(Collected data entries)
Lemma iterations_before_stop N : (forall j, (j <= N)%N -> ~ stops j) ->
  N.+1%:R <= iteration_bound.
Proof.
move=> nst; have [rho0 _] := andP rho01; have [s00 _] := andP sigma0.
have lng : 0 < ln gamma := ln_gt0 gamma_gt1.
have D0 := decrease_floor_gt0.
set a := rhoTH * decrease_floor / 2.
have a0 : 0 < a by rewrite divr_gt0 ?mulr_gt0.
pose ell k := ln (sigma k) / ln gamma.
have steps k : (k < N.+1)%N ->
    (2 * a <= f (x k) - f (x k.+1) /\ ell k.+1 = ell k - 1) \/
    (f (x k.+1) = f (x k) /\ ell k.+1 = ell k + 1).
  move=> kN; have nstk j : (j <= k)%N -> ~ stops j by move=> jk; apply/nst/(leq_trans jk).
  have sk := sigma_bounded (fun j jk => nstk j (ltnW jk)).
  have [s0 _] := andP sk.
  have g0 : 0 < gamma := lt_trans ltr01 gamma_gt1.
  have [_ [[dec sE] | [xE sE]]] := step_update sk (nstk k (leqnn k)) (valid_steps nstk).
    left; split; first by rewrite /a; lra.
    by rewrite /ell sE ln_div ?posrE //; field; rewrite gt_eqF.
  by right; rewrite xE /ell sE lnM ?posrE //; split=> //; field; rewrite gt_eqF.
have := nsteps_le_potential steps.
have [sN0 sNmax] := andP (sigma_bounded (k := N.+1) nst).
have ellN : ell N.+1 - ell 0%N <= ln (sigma_max / sigma 0%N) / ln gamma.
  rewrite /ell -mulrBl ler_pM2r ?invr_gt0 // ln_div ?posrE ?sigma_max_gt0 //.
  by rewrite lerB ?ler_ln ?posrE ?sigma_max_gt0.
move=> count; have fN := f_min (x N.+1); have aell := ler_wpM2l (ltW a0) ellN.
rewrite /iteration_bound.
have -> : 2 * (f (x 0%N) - f xs) / rhoTH / decrease_floor = (f (x 0%N) - f xs) / a.
  by rewrite /a; field; rewrite !gt_eqF.
rewrite -(ler_pM2r a0) mulrDl divfK ?gt_eqF //; lra.
Qed.
(* For all integers $m\geq 3$ and $n\geq 2$, the graph $C[m]\times P[n+1]$ is antimagic.
   Context: All graphs are finite, undirected and simple. $C[m]$ denotes the cycle on $m$ vertices and $P[k]$ the path on $k$ vertices. The Cartesian product $G_1\times G_2$ of graphs $G_1=(V_1,E_1)$ and $G_2=(V_2,E_2)$ has vertex set $V_1\times V_2$, with $(u_1,u_2)$ adjacent to $(v_1,v_2)$ iff either $u_1=v_1$ and $u_2v_2\in E_2$, or $u_2=v_2$ and $u_1v_1\in E_1$. An antimagic labeling of a graph with $m'$ edges is a bijection $f$ from its edge set to $\{1,\ldots,m'\}$ such that the vertex sums $f^+(v)=\sum_{e\ni v} f(e)$ (sum over edges incident with $v$) are pairwise distinct over all vertices $v$. A graph is antimagic if it admits an antimagic labeling. *)

From mathcomp Require Import all_boot all_order.
Unset Printing Implicit Defensive.

Record sgraph := SGraph {
  vtx : finType;
  adj : rel vtx;
  adj_sym : symmetric adj;
  adj_irr : irreflexive adj }.

Definition edges (G : sgraph) : {set {set vtx G}} :=
  [set [set u; v] | u in vtx G, v in [pred v | adj G u v]].

Definition antimagic_labeling (G : sgraph) (f : {set vtx G} -> nat) : Prop :=
  {in edges G &, injective f} /\
  (forall e, e \in edges G -> 1 <= f e <= #|edges G|) /\
  injective (fun v : vtx G => \sum_(e in edges G | v \in e) f e).

Definition antimagic (G : sgraph) : Prop := exists f, antimagic_labeling G f.

Definition cprod_adj (G1 G2 : sgraph) : rel (vtx G1 * vtx G2) :=
  fun x y => ((x.1 == y.1) && adj G2 x.2 y.2) || ((x.2 == y.2) && adj G1 x.1 y.1).

Lemma cprod_sym G1 G2 : symmetric (cprod_adj G1 G2).
Proof.
move=> [a b] [c d]; rewrite /cprod_adj /= [c == a]eq_sym [d == b]eq_sym.
by rewrite (adj_sym G2 b d) (adj_sym G1 a c).
Qed.

Lemma cprod_irr G1 G2 : irreflexive (cprod_adj G1 G2).
Proof. by move=> [a b]; rewrite /cprod_adj /= (adj_irr G1) (adj_irr G2) !andbF. Qed.

Definition cprod (G1 G2 : sgraph) : sgraph :=
  @SGraph _ (cprod_adj G1 G2) (cprod_sym G1 G2) (cprod_irr G1 G2).

(* Cycle C[m] on vertices 0..m-1 (i ~ i+1 mod m), meaningful for m >= 3. *)
Definition cycle_adj (m : nat) : rel 'I_m :=
  fun i j => (i != j) && ((j == (i.+1 %% m) :> nat) || (i == (j.+1 %% m) :> nat)).

Lemma cycle_sym m : symmetric (cycle_adj m).
Proof. by move=> i j; rewrite /cycle_adj eq_sym orbC. Qed.

Lemma cycle_irr m : irreflexive (cycle_adj m).
Proof. by move=> i; rewrite /cycle_adj eqxx. Qed.

Definition cycleG (m : nat) : sgraph := @SGraph _ (cycle_adj m) (cycle_sym m) (cycle_irr m).

Definition path_adj (k : nat) : rel 'I_k :=
  fun i j => (j == i.+1 :> nat) || (i == j.+1 :> nat).

Lemma path_sym k : symmetric (path_adj k).
Proof. by move=> i j; rewrite /path_adj orbC. Qed.

Lemma path_irr k : irreflexive (path_adj k).
Proof.
by move=> [i hi]; rewrite /path_adj /= orbb; apply/negbTE; rewrite neq_ltn ltnSn.
Qed.

Definition pathG (k : nat) : sgraph := @SGraph _ (path_adj k) (path_sym k) (path_irr k).

(* Label the cycle edges of layer j < n of C[m] x P[n+1] with the block
   [j*m+1, j*m+m] of m consecutive integers, those of the top layer n with the
   last block, and the vertical edges between layers j and j+1 with block n+j.
   Inside every block, edges are ranked along the zigzag 0, m-1, 1, m-2, ... of
   the cycle: the vertical edges at vertex i get rank p(i) = min(2i, 2m-2i-1)
   and the cycle edge {i, i+1} gets rank min(2i+1, 2m-2i-2). The ranks of the
   two cycle edges at i then add up to a strictly increasing function of p(i),
   so within a layer the vertex sums are ordered by p(i). Across layers, the
   block numbers of the edges at a vertex of layer j add up to some B(j) that
   grows by at least 4 per layer, while the in-block offsets contribute less
   than 4m, so vertex sums of different layers lie in the disjoint intervals
   [B(j)*m, (B(j)+4)*m). *)

From mathcomp Require Import all_boot zify.

Set Implicit Arguments.
Unset Strict Implicit.

Lemma antimagic_of_edge_param (G : sgraph) (C : finType)
    (edge_of : C -> {set vtx G}) (lab : C -> nat) :
  injective edge_of -> edges G = [set edge_of c | c : C] ->
  injective lab -> (forall c, 0 < lab c <= #|C|) ->
  injective (fun v => \sum_(c | v \in edge_of c) lab c) ->
  antimagic G.
Proof.
move=> edge_inj edgesE lab_inj lab_range vsum_inj.
pose f e := \sum_(c | edge_of c == e) lab c.
have f_edge c : f (edge_of c) = lab c.
  by rewrite /f (big_pred1 c) // => c'; apply/eqP/eqP => [/edge_inj | ->].
have vsumE v : \sum_(e in edge_of @: C | v \in e) f e = \sum_(c | v \in edge_of c) lab c.
  rewrite big_imset_cond; last by move=> ? ? _ _ /edge_inj.
  by apply: eq_bigr => c _; rewrite f_edge.
exists f; rewrite /antimagic_labeling edgesE; split; [|split].
- by move=> _ _ /imsetP[c _ ->] /imsetP[c' _ ->]; rewrite !f_edge => /lab_inj ->.
- by move=> _ /imsetP[c _ ->]; rewrite f_edge card_imset.
- by move=> v w; rewrite !vsumE => /vsum_inj.
Qed.

Lemma set2_eq_cases (T : finType) (a b c d : T) :
  [set a; b] = [set c; d] -> (a = c /\ b = d) \/ (a = d /\ b = c).
Proof.
move=> eq_ab_cd.
have /set2P a_cd : a \in [set c; d] by rewrite -eq_ab_cd set21.
have /set2P b_cd : b \in [set c; d] by rewrite -eq_ab_cd set22.
have /set2P c_ab : c \in [set a; b] by rewrite eq_ab_cd set21.
have /set2P d_ab : d \in [set a; b] by rewrite eq_ab_cd set22.
by case: a_cd b_cd c_ab d_ab => -> [] -> [] ? [] ?; subst; auto.
Qed.

Lemma big_pred2 (R : Type) (idx : R) (op : Monoid.com_law idx) (I : finType)
    (a b : I) (F : I -> R) :
  a != b -> \big[op/idx]_(i | (i == a) || (i == b)) F i = op (F a) (F b).
Proof.
move=> neq_ab; rewrite (bigD1 a) ?eqxx //= (big_pred1 b) // => i /=.
by case: eqP => [->|_]; rewrite ?andbT // (negbTE neq_ab).
Qed.

Lemma sum_ord_adjacent (n b : nat) (F : nat -> nat) : b <= n ->
  \sum_(j < n | (j == b :> nat) || (j.+1 == b)) F j =
  (if b < n then F b else 0) + (if b is k.+1 then F k else 0).
Proof.
move=> le_bn; rewrite (bigID (fun j : 'I_n => j == b :> nat)) /=; congr (_ + _).
  by rewrite -(big_ord1_eq addn F b n); apply: eq_bigl => j; rewrite andb_idl // => ->.
case: b le_bn => [|k] lt_kn.
  by rewrite big_pred0 // => j; case: (nat_of_ord j == 0).
transitivity (\sum_(j < n | j == k :> nat) F j); last by rewrite big_ord1_eq lt_kn.
by apply: eq_bigl => j; apply/idP/idP; lia.
Qed.

Lemma eq_divmod m q r q' r' :
  r < m -> r' < m -> q * m + r = q' * m + r' -> q = q' /\ r = r'.
Proof.
by move=> lt_rm lt_r'm eq_qr; have := edivn_eq q lt_rm; rewrite eq_qr edivn_eq // => -[].
Qed.

Lemma ordSE m (i : 'I_m) : ordS i = (if i.+1 == m then 0 else i.+1) :> nat.
Proof.
case: (i.+1 =P m) => [Si_m|Si_m] /=; first by rewrite Si_m modnn.
by rewrite modn_small //; have := ltn_ord i; lia.
Qed.

Lemma ord_predE m (i : 'I_m) : ord_pred i = (if i == 0 :> nat then m.-1 else i.-1) :> nat.
Proof.
case: i => [[|i] lt_i_m] /=; first by rewrite modn_small // prednK.
by rewrite modnDr modn_small // ltnW.
Qed.

Lemma ordS_neq m (i : 'I_m) : 1 < m -> ordS i != i.
Proof.
move=> lt1m; apply/eqP => /(congr1 (@nat_of_ord m)); rewrite ordSE.
by have := ltn_ord i; case: (i.+1 =P m); lia.
Qed.

Lemma ordS2_neq m (i : 'I_m) : 2 < m -> ordS (ordS i) != i.
Proof.
move=> lt2m; apply/eqP => /(congr1 (@nat_of_ord m)); rewrite !ordSE.
by have := ltn_ord i; do 2?case: ifP => /eqP; lia.
Qed.

Definition edge_rank m i := minn (2 * i + 1) (2 * m - 2 * i - 2).
Definition vertex_rank m i := minn (2 * i) (2 * m - 2 * i - 1).
Definition rank_pair_sum m p := if p == 0 then 1 else if p == m.-1 then 2 * p - 1 else 2 * p.

Lemma edge_rank_lt m i : i < m -> edge_rank m i < m.
Proof. rewrite /edge_rank; lia. Qed.

Lemma vertex_rank_lt m i : i < m -> vertex_rank m i < m.
Proof. rewrite /vertex_rank; lia. Qed.

Lemma edge_rank_inj m i i' : i < m -> i' < m -> edge_rank m i = edge_rank m i' -> i = i'.
Proof. rewrite /edge_rank; lia. Qed.

Lemma vertex_rank_inj m i i' : i < m -> i' < m -> vertex_rank m i = vertex_rank m i' -> i = i'.
Proof. rewrite /vertex_rank; lia. Qed.

Lemma edge_rank_pairE m (i : 'I_m) : 2 < m ->
  edge_rank m i + edge_rank m (ord_pred i) = rank_pair_sum m (vertex_rank m i).
Proof.
have := ltn_ord i; rewrite ord_predE /rank_pair_sum /edge_rank /vertex_rank.
by case: eqP => [-> |]; do 2?case: ifP => /eqP; lia.
Qed.

Lemma rank_pair_sum_lt m p q :
  2 < m -> p < q -> q < m -> rank_pair_sum m p < rank_pair_sum m q.
Proof. by rewrite /rank_pair_sum; do 4?case: ifP => /eqP; lia. Qed.

Lemma rank_pair_sum_le m p : 1 < m -> p < m -> rank_pair_sum m p <= 2 * m - 3.
Proof. by rewrite /rank_pair_sum; do 2?case: ifP => /eqP; lia. Qed.

Definition layer_block n j := if j < n then j else 2 * n.
Definition hlabel m n i j := (layer_block n j * m + edge_rank m i).+1.
Definition vlabel m n i j := ((n + j) * m + vertex_rank m i).+1.

Definition layer_base n j :=
  2 * layer_block n j + (if j < n then n + j else 0) + (if j is k.+1 then n + k else 0).

Definition cyl_vsum m n (v : 'I_m * 'I_n.+1) : nat :=
  hlabel m n v.1 v.2 + hlabel m n (ord_pred v.1) v.2 +
  ((if v.2 < n then vlabel m n v.1 v.2 else 0) +
   (if (v.2 : nat) is k.+1 then vlabel m n v.1 k else 0)).

Lemma layer_base_step n j j' : j < j' <= n -> layer_base n j + 4 <= layer_base n j'.
Proof. by rewrite /layer_base /layer_block; do 2?case: ifP; case: j j' => [|j] [|j']; lia. Qed.

Lemma cyl_vsum_layer_bounds m n (v : 'I_m * 'I_n.+1) : 2 < m ->
  layer_base n v.2 * m <= cyl_vsum v < (layer_base n v.2 + 4) * m.
Proof.
case: v => i j lt2m; have lt_vr := vertex_rank_lt (ltn_ord i).
have := rank_pair_sum_le (ltnW lt2m) lt_vr; rewrite -edge_rank_pairE //.
have := ltn_ord j; rewrite /cyl_vsum /hlabel /vlabel /layer_base /layer_block /=.
by case: (j < n); case: (nat_of_ord j) => [|k]; lia.
Qed.

Lemma cyl_vsum_lt_layer m n (i i' : 'I_m) (j j' : 'I_n.+1) : 2 < m -> j < j' ->
  cyl_vsum (i, j) < cyl_vsum (i', j').
Proof.
move=> lt2m lt_jj'; have /andP[_ vsum_lt] := cyl_vsum_layer_bounds (i, j) lt2m.
have /andP[vsum_ge _] := cyl_vsum_layer_bounds (i', j') lt2m.
apply: (leq_trans vsum_lt); apply: leq_trans vsum_ge.
by rewrite leq_mul2r layer_base_step ?orbT //= lt_jj' -ltnS ltn_ord.
Qed.

Lemma cyl_vsum_lt_rank m n (i i' : 'I_m) (j : 'I_n.+1) : 2 < m ->
  vertex_rank m i < vertex_rank m i' -> cyl_vsum (i, j) < cyl_vsum (i', j).
Proof.
move=> lt2m lt_ii'; have := rank_pair_sum_lt lt2m lt_ii' (vertex_rank_lt (ltn_ord i')).
rewrite -!edge_rank_pairE //.
rewrite /cyl_vsum /hlabel /vlabel /=.
by case: (j < n); case: (nat_of_ord j) => [|k]; lia.
Qed.

Lemma cyl_vsum_inj m n : 2 < m -> injective (@cyl_vsum m n).
Proof.
move=> lt2m [i j] [i' j'] eq_vsum.
case: (ltngtP j j') => [lt_jj' | lt_j'j | /val_inj eq_jj'].
- by have := cyl_vsum_lt_layer i i' lt2m lt_jj'; rewrite eq_vsum ltnn.
- by have := cyl_vsum_lt_layer i' i lt2m lt_j'j; rewrite eq_vsum ltnn.
move: eq_vsum; rewrite -{}eq_jj' => eq_vsum.
case: (ltngtP (vertex_rank m i) (vertex_rank m i')) => [lt_ii' | lt_i'i | eq_ii'].
- by have := cyl_vsum_lt_rank j lt2m lt_ii'; rewrite eq_vsum ltnn.
- by have := cyl_vsum_lt_rank j lt2m lt_i'i; rewrite eq_vsum ltnn.
by rewrite (val_inj (vertex_rank_inj (ltn_ord i) (ltn_ord i') eq_ii')).
Qed.

Notation cylinder m n := (cprod (cycleG m) (pathG n.+1)).
Notation cyl_code m n := ('I_m * 'I_n.+1 + 'I_m * 'I_n)%type.

Definition cyl_edge m n (c : cyl_code m n) : {set 'I_m * 'I_n.+1} :=
  match c with
  | inl v => [set v; (ordS v.1, v.2)]
  | inr v => [set (v.1, lift ord_max v.2); (v.1, lift ord0 v.2)]
  end.

Definition cyl_label m n (c : cyl_code m n) : nat :=
  match c with
  | inl v => hlabel m n v.1 v.2
  | inr v => vlabel m n v.1 v.2
  end.

Lemma cyl_label_inj m n : injective (@cyl_label m n).
Proof.
have er_lt (i : 'I_m) := edge_rank_lt (ltn_ord i).
have vr_lt (i : 'I_m) := vertex_rank_lt (ltn_ord i).
move=> [[i j]|[i j]] [[i' j']|[i' j']] /= [] /eq_divmod.
- case/(_ (er_lt i) (er_lt i')) => eq_block /(edge_rank_inj (ltn_ord i) (ltn_ord i')) /val_inj ->.
  congr (inl (_, _)); apply: ord_inj; move: eq_block; have := ltn_ord j; have := ltn_ord j'.
  by rewrite /layer_block; do 2?case: ifP => ?; lia.
- case/(_ (er_lt i) (vr_lt i')) => + _; have := ltn_ord j; have := ltn_ord j'.
  by rewrite /layer_block; case: ifP => ?; lia.
- case/(_ (vr_lt i) (er_lt i')) => + _; have := ltn_ord j; have := ltn_ord j'.
  by rewrite /layer_block; case: ifP => ?; lia.
- case/(_ (vr_lt i) (vr_lt i')) => /addnI/val_inj -> /(vertex_rank_inj (ltn_ord i) (ltn_ord i')).
  by move/val_inj ->.
Qed.

Lemma cyl_label_range m n (c : cyl_code m n) : 0 < cyl_label c <= #|{: cyl_code m n}|.
Proof.
rewrite card_sum !card_prod !card_ord.
case: c => [[i j]|[i j]] /=.
- have := edge_rank_lt (ltn_ord i).
  have : layer_block n j * m <= 2 * n * m.
    by apply: leq_mul => //; have := ltn_ord j; rewrite /layer_block; case: ifP; lia.
  rewrite /hlabel; lia.
- have := vertex_rank_lt (ltn_ord i).
  have : (n + j).+1 * m <= 2 * n * m by apply: leq_mul => //; have := ltn_ord j; lia.
  rewrite /vlabel; lia.
Qed.

Lemma cyl_edge_inj m n : 2 < m -> injective (@cyl_edge m n).
Proof.
move=> lt2m [[i j]|[i j]] [[i' j']|[i' j']] /= /set2_eq_cases
  [] [] /pair_equal_spec[eq_i eq_j] /pair_equal_spec[eq_i' eq_j'].
3-6, 8: by move: eq_j eq_j' => /(congr1 (@nat_of_ord _)) + /(congr1 (@nat_of_ord _));
  rewrite ?lift0 ?lift_max; lia.
- by rewrite eq_i eq_j.
- by move: (ordS2_neq i' lt2m); rewrite -eq_i eq_i' eqxx.
- by rewrite eq_i (lift_inj eq_j).
Qed.

Lemma cyl_edge_in_edges m n (c : cyl_code m n) : 1 < m -> cyl_edge c \in edges (cylinder m n).
Proof.
move=> lt1m; apply/imset2P; case: c => [[i j]|[i j]] /=.
- exists (i, j) (ordS i, j) => //.
  by rewrite inE /= /cprod_adj /= eqxx /cycle_adj eq_sym ordS_neq //= eqxx orbT.
- exists (i, lift ord_max j) (i, lift ord0 j) => //.
  by rewrite inE /= /cprod_adj /= eqxx /path_adj lift0 lift_max eqxx.
Qed.

Lemma edges_cyl_edge m n e :
  e \in edges (cylinder m n) -> exists c : cyl_code m n, e = cyl_edge c.
Proof.
case/imset2P => -[i j] [i' j'] _; rewrite inE /= /cprod_adj /= => adj_ij ->.
case/orP: adj_ij => /andP[/eqP <-] => [adj_j | /andP[_ adj_i]].
- have vertical (x y : 'I_n.+1) :
      y = x.+1 :> nat -> exists c : cyl_code m n, [set (i, x); (i, y)] = cyl_edge c.
    move=> eq_y; have lt_xn : x < n by rewrite -ltnS -eq_y ltn_ord.
    exists (inr (i, Ordinal lt_xn)).
    by congr [set (i, _); (i, _)]; apply: ord_inj; rewrite ?lift0 ?lift_max.
  case/orP: adj_j => /eqP/vertical[c edge_c]; exists c; first by rewrite -edge_c.
  by rewrite -edge_c setUC.
- case/orP: adj_i => /eqP eq_i; [exists (inl (i, j)) | exists (inl (i', j)); rewrite setUC].
  all: by congr [set _; (_, j)]; apply: ord_inj.
Qed.

Lemma edges_cylinder m n : 1 < m -> edges (cylinder m n) = [set cyl_edge c | c : cyl_code m n].
Proof.
move=> lt1m; apply/setP => e; apply/idP/imsetP => [/edges_cyl_edge[c ->] | [c _ ->]].
  by exists c.
exact: cyl_edge_in_edges.
Qed.

Lemma cyl_vsumE m n (v : 'I_m * 'I_n.+1) : 1 < m ->
  \sum_(c | v \in cyl_edge c) cyl_label c = cyl_vsum v.
Proof.
case: v => a b lt1m; rewrite big_sumType /=; congr (_ + _).
  rewrite (eq_bigl (fun x => (x == (a, b)) || (x == (ord_pred a, b)))) => [|[i j]].
    rewrite big_pred2 // xpair_eqE eqxx andbT.
    by apply: contraNneq (ordS_neq a lt1m) => {1}->; rewrite ord_predK.
  rewrite in_set2 !xpair_eqE /= -(can2_eq (@ordSK m) (@ord_predK m)).
  by rewrite (eq_sym i) (eq_sym j) (eq_sym (ordS i)).
pose adjacent (j : 'I_n) := (j == b :> nat) || (j.+1 == b).
rewrite (eq_bigl (fun p : 'I_m * 'I_n => (p.1 == a) && adjacent p.2)) => [|[i j]].
  rewrite -(pair_big_dep (pred1 a) (fun=> adjacent) (vlabel m n)) big_pred1_eq.
  by rewrite sum_ord_adjacent // -ltnS.
rewrite in_set2 !xpair_eqE (eq_sym a) -andb_orr -!val_eqE /=.
by rewrite /bump leq0n (ltn_geF (ltn_ord j)) /= !(eq_sym (val b)).
Qed.

Theorem lemma4p1 (m n : nat) (hm : 3 <= m) (hn : 2 <= n) :
  antimagic (cprod (cycleG m) (pathG n.+1)).
Proof.
have lt1m : 1 < m := ltnW hm.
apply: (antimagic_of_edge_param (G := cylinder m n) (@cyl_edge_inj m n hm)
          (@edges_cylinder m n lt1m) (@cyl_label_inj m n) (@cyl_label_range m n)).
by move=> v w; rewrite !cyl_vsumE // => /(cyl_vsum_inj hm).
Qed.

Activity: Give only the lines from the one holding "Lemma edge_rank_inj m" through the one holding "Proof. by rewrite /rank_pair_sum; do 4?case: ifP", each restated exactly as it appears above.

Solution to the exercise:
Lemma edge_rank_inj m i i' : i < m -> i' < m -> edge_rank m i = edge_rank m i' -> i = i'.
Proof. rewrite /edge_rank; lia. Qed.

Lemma vertex_rank_inj m i i' : i < m -> i' < m -> vertex_rank m i = vertex_rank m i' -> i = i'.
Proof. rewrite /vertex_rank; lia. Qed.

Lemma edge_rank_pairE m (i : 'I_m) : 2 < m ->
  edge_rank m i + edge_rank m (ord_pred i) = rank_pair_sum m (vertex_rank m i).
Proof.
have := ltn_ord i; rewrite ord_predE /rank_pair_sum /edge_rank /vertex_rank.
by case: eqP => [-> |]; do 2?case: ifP => /eqP; lia.
Qed.

Lemma rank_pair_sum_lt m p q :
  2 < m -> p < q -> q < m -> rank_pair_sum m p < rank_pair_sum m q.
Proof. by rewrite /rank_pair_sum; do 4?case: ifP => /eqP; lia. Qed.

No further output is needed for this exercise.